How am I supposed to keep it a secret from Nat and Annabel if I can’t even keep it secret from Toby?
“Well, I wouldn’t be a very good stalker if I didn’t, would I?” Toby laughs. “I’d have to hang up my stalker gear in shame.” He thinks about it. “Which would be unfortunate because all I’ve really got is this flask and I’m quite attached to it.” He pulls out a red flask and shows it to me. “Soup,” he explains. “In case I get hungry.”
“Toby, nobody is supposed to know.”
“So that makes this a secret between the two of us, right?” I glare at him. “Which makes us kindred spirits? And – correct me if I’m wrong – soulmates?”
“We’re not soulmates, Toby. You can’t just go round stealing secrets and then forcing people into being your soulmate.”
“OK.” He seems unabashed by the rejection. “But you’re glad I gave that model man your number.”
For a few seconds all I can do is stutter without any noises coming out. “You gave the modelling agency my number?”
“You ran off at The Clothes Show so quickly I think you forgot. Good, huh?” Toby grins at me and the yellow bobble bounces up and down cheerfully. “Now the whole world is going to see you the way I already see you. I’ve always been a little bit ahead of the trends.”
I point to the scraped-up word on my satchel. “And what if they see me the way everyone at school sees me, Toby?”
Toby considers this for a few moments. “Then I think you’re going to need a bigger bag.” And he hits the drum on his T-shirt.

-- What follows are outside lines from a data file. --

Lemma insert_topK x b : x != top -> b || (x \notin sc_min_elements (blocks L)) ->
  remove_top (insert_top L x b) = (L, (x, b)).
Proof.
have topL : {in blocks L, forall E, top \notin E} by move=> E; apply: top_notin_block.
move=> xtop valid; case: insert_topP => // [p pL xp minp|bT _].
  rewrite remove_top_extend ?top_notin_block ?block_fix_top ?blocks_f //; last first.
    by move=> E; rewrite (linked_cycle_on_blocksD1 lcL pL) => /setD1P [_ /topL].
  rewrite minp setD1K //; case: ifP => // /andP [/eqP px /bigcupP [B]].
  rewrite (linked_cycle_on_blocksD1 lcL pL) => /setD1P [Bp BL] xB.
  case/linked_cycle_onP: lcL => _ _ ndL _ _.
  have := nearly_disjoint_card (ndL _ _ (blocks_f pL) BL _) xp xB.
  by rewrite eq_sym Bp px is_min1 cards1 ltnn => /(_ isT isT).
have [p pL xp] := below_top_covered xtop.
have xL : x \in cover (blocks L) by apply/bigcupP; exists p.1; rewrite ?blocks_f.
rewrite remove_top_extend ?perm1 //=; last by rewrite inE eq_sym.
by rewrite eqxx xL is_min1 bT.
Qed.

End BelowTop.

Section Removal.
Variable L : {set PT}.
Hypotheses (lcL : linked_cycle_on [set: T] L) (t1L : top_singleton \notin L).
Local Notation p0 := (top_block L).
Local Notation E0 := (top_block L).1.
Local Notation c0 := (top_block L).2.
Local Notation x0 := (((top_block L).2^-1)%g top).

Lemma top_blockP : p0 \in L /\ top \in E0.
Proof.
case/linked_cycle_onP: lcL => _ covL _ _ _.
have : top \in cover (blocks L) by rewrite covL inE.
case/bigcupP => _ /imsetP [q qL ->] topq; rewrite /top_block.
by case: pickP => [p /andP [pL topp] //|/(_ q)]; rewrite qL topq.
Qed.

Lemma top_block_uniq q : q \in L -> top \in q.1 -> q = p0.
Proof.
have [p0L topE0] := top_blockP; move=> qL topq.
case/linked_cycle_onP: lcL => _ _ ndL _ uniqL; apply: uniqL => //.
apply/eqP/negPn/negP => /(ndL _ _ (blocks_f qL) (blocks_f p0L)) /nearly_disjointP.
move=> /(_ top topq topE0) /orP [] /andP [/andP [/is_min_top -> ]]; by rewrite cards1.
Qed.

Lemma card_top_block : 1 < #|E0|.
Proof.
have [p0L topE0] := top_blockP; rewrite ltnNge; apply: contra t1L => E0_le1.
case/linked_cycle_onP: lcL => _ _ _ /(_ p0 p0L) /andP [onE0 _] _.
have E0top : E0 = [set top] by apply/eqP; rewrite eq_sym eqEcard sub1set topE0 cards1.
by rewrite /top_singleton -E0top -(perm_on_id onE0 E0_le1) -surjective_pairing.
Qed.

Lemma pred_top_in : x0 \in E0.
Proof.
have [p0L _] := top_blockP; case/linked_cycle_onP: lcL => _ _ _ /(_ p0 p0L) /andP [onE0 _] _.
by rewrite -(perm_closed _ onE0) permKV; case: top_blockP.
Qed.

Lemma pred_top_neq : x0 != top.
Proof.
have [p0L topE0] := top_blockP; apply: contraTneq card_top_block => x0top.
case/linked_cycle_onP: lcL => _ _ _ /(_ p0 p0L) cycE0 _.
have fixtop : c0 top = top by rewrite -{1}x0top permKV.
by rewrite -(cyclic_on_porbit cycE0 topE0) porbit_fix // cards1.
Qed.

Local Notation rest := (blocks (L :\ top_block L)).

Lemma blocks_rest : rest = blocks L :\ E0.
Proof. by have [p0L _] := top_blockP; rewrite (linked_cycle_on_blocksD1 lcL p0L). Qed.

Lemma top_notin_rest B : B \in rest -> top \notin B.
Proof.
rewrite blocks_rest => /setD1P [BE0 /imsetP [q qL eB]]; apply: contra BE0 => topB.
by rewrite eB (top_block_uniq qL) -?eB.
Qed.

Lemma top_notin_cover_rest : top \notin cover rest.
Proof. by apply/bigcupP => -[B /top_notin_rest /negP]. Qed.

Lemma cover_rest : (E0 :\ top) :|: cover rest = below_top.
Proof.
have [p0L topE0] := top_blockP; case/linked_cycle_onP: lcL => _ covL _ _ _.
apply/setP => y; rewrite !inE; have [->|ytop] := eqVneq y top.
  by rewrite (negbTE top_notin_cover_rest).
have : y \in cover (blocks L) by rewrite covL.
rewrite -(setD1K (blocks_f p0L)) cover_setU1 blocks_rest inE /=.
by case/orP => ->; rewrite ?orbT.
Qed.

Lemma is_min_rest B : B \in rest -> x0 \in B -> is_min x0 B = ~~ is_min x0 E0.
Proof.
have [p0L _] := top_blockP; case/linked_cycle_onP: lcL => _ _ ndL _ _.
rewrite blocks_rest => /setD1P [BE0 BL] x0B.
apply: nearly_disjoint_min pred_top_in x0B; apply: ndL (blocks_f p0L) BL _.
by rewrite eq_sym.
Qed.

Lemma cyclic_shrink_top_block :
  cyclic_on (shrink_block x0 p0).1 (shrink_block x0 p0).2.
Proof.
have [p0L topE0] := top_blockP; case/linked_cycle_onP: lcL => _ _ _ /(_ p0 p0L) cycE0 _.
exact: cyclic_on_setD1 cycE0 topE0 card_top_block.
Qed.

Lemma remove_topE : remove_top L =
  (if (E0 :\ top == [set x0]) && (x0 \in cover rest)
   then L :\ p0 else shrink_block x0 p0 |: L :\ p0, (x0, is_min x0 E0)).
Proof. by []. Qed.

Lemma remove_top_drop : E0 :\ top = [set x0] -> x0 \in cover rest ->
  [/\ linked_cycle_on below_top (L :\ p0), is_min x0 E0,
      sc_min_elements (blocks (L :\ p0)) = sc_min_elements (blocks L) &
      insert_top (L :\ p0) x0 true = L].
Proof.
have [p0L topE0] := top_blockP; move=> E0x x0rest.
have minx0 : is_min x0 E0 by rewrite -is_min_setD1_top ?pred_top_neq // E0x is_min1.
have lc' : linked_cycle_on below_top (L :\ p0).
  rewrite -cover_rest E0x (setUidPr _) ?sub1set // blocks_rest.
  by apply: (linked_cycle_on_setD1 lcL p0L).
have nomin : {in rest, forall B : {set T}, x0 \in B -> ~~ is_min x0 B}.
  by move=> B Brest x0B; rewrite is_min_rest // minx0.
have Lext : L = extend_block x0 ([set x0], 1%g) |: L :\ p0.
  have /andP [onx0 _] := cyclic_shrink_top_block; move: onx0; rewrite /= E0x => onx0.
  rewrite -{1}(setD1K p0L) -{1}(extend_blockK x0 topE0) /shrink_block E0x.
  by rewrite (perm_on_id onx0) ?cards1.
split=> //; first by rewrite [in RHS]Lext (sc_min_new_block lc') ?pred_top_neq.
case: (@insert_topP _ lc' _ true pred_top_neq isT) => [q qL x0q minq|_ _]; last by rewrite -Lext.
by move: (nomin q.1 (blocks_f qL) x0q); rewrite minq.
Qed.

Lemma shrink_top_block_notin_rest : E0 :\ top \notin rest.
Proof.
have [p0L topE0] := top_blockP; case/linked_cycle_onP: lcL => _ _ ndL _ _.
apply/negP; rewrite blocks_rest => /setD1P [E0'E0 E0'L].
have [|a mina] := @ex_is_min _ (E0 :\ top).
  by apply/set0Pn; exists x0; rewrite !inE pred_top_neq pred_top_in.
have /setD1P [atop aE0] := is_min_mem mina.
have minaE0 : is_min a E0 by rewrite -is_min_setD1_top.
have := nearly_disjoint_min (ndL _ _ (blocks_f p0L) E0'L _) aE0 (is_min_mem mina).
by rewrite eq_sym E0'E0 mina minaE0 => /(_ isT).
Qed.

Thud, thud.
Suddenly I’m not so sure the launderette was a good idea after all. “I’m going home.”
“OK. Would you like me to follow a few metres behind?” I frown at him, but he doesn’t seem to notice. “By the way,” he adds, “did Nat tell you what she did yesterday? She was amazing, Harriet. Like Boadicea, except without the chariot. Or the horses, or the swords, but still: it was awesome.”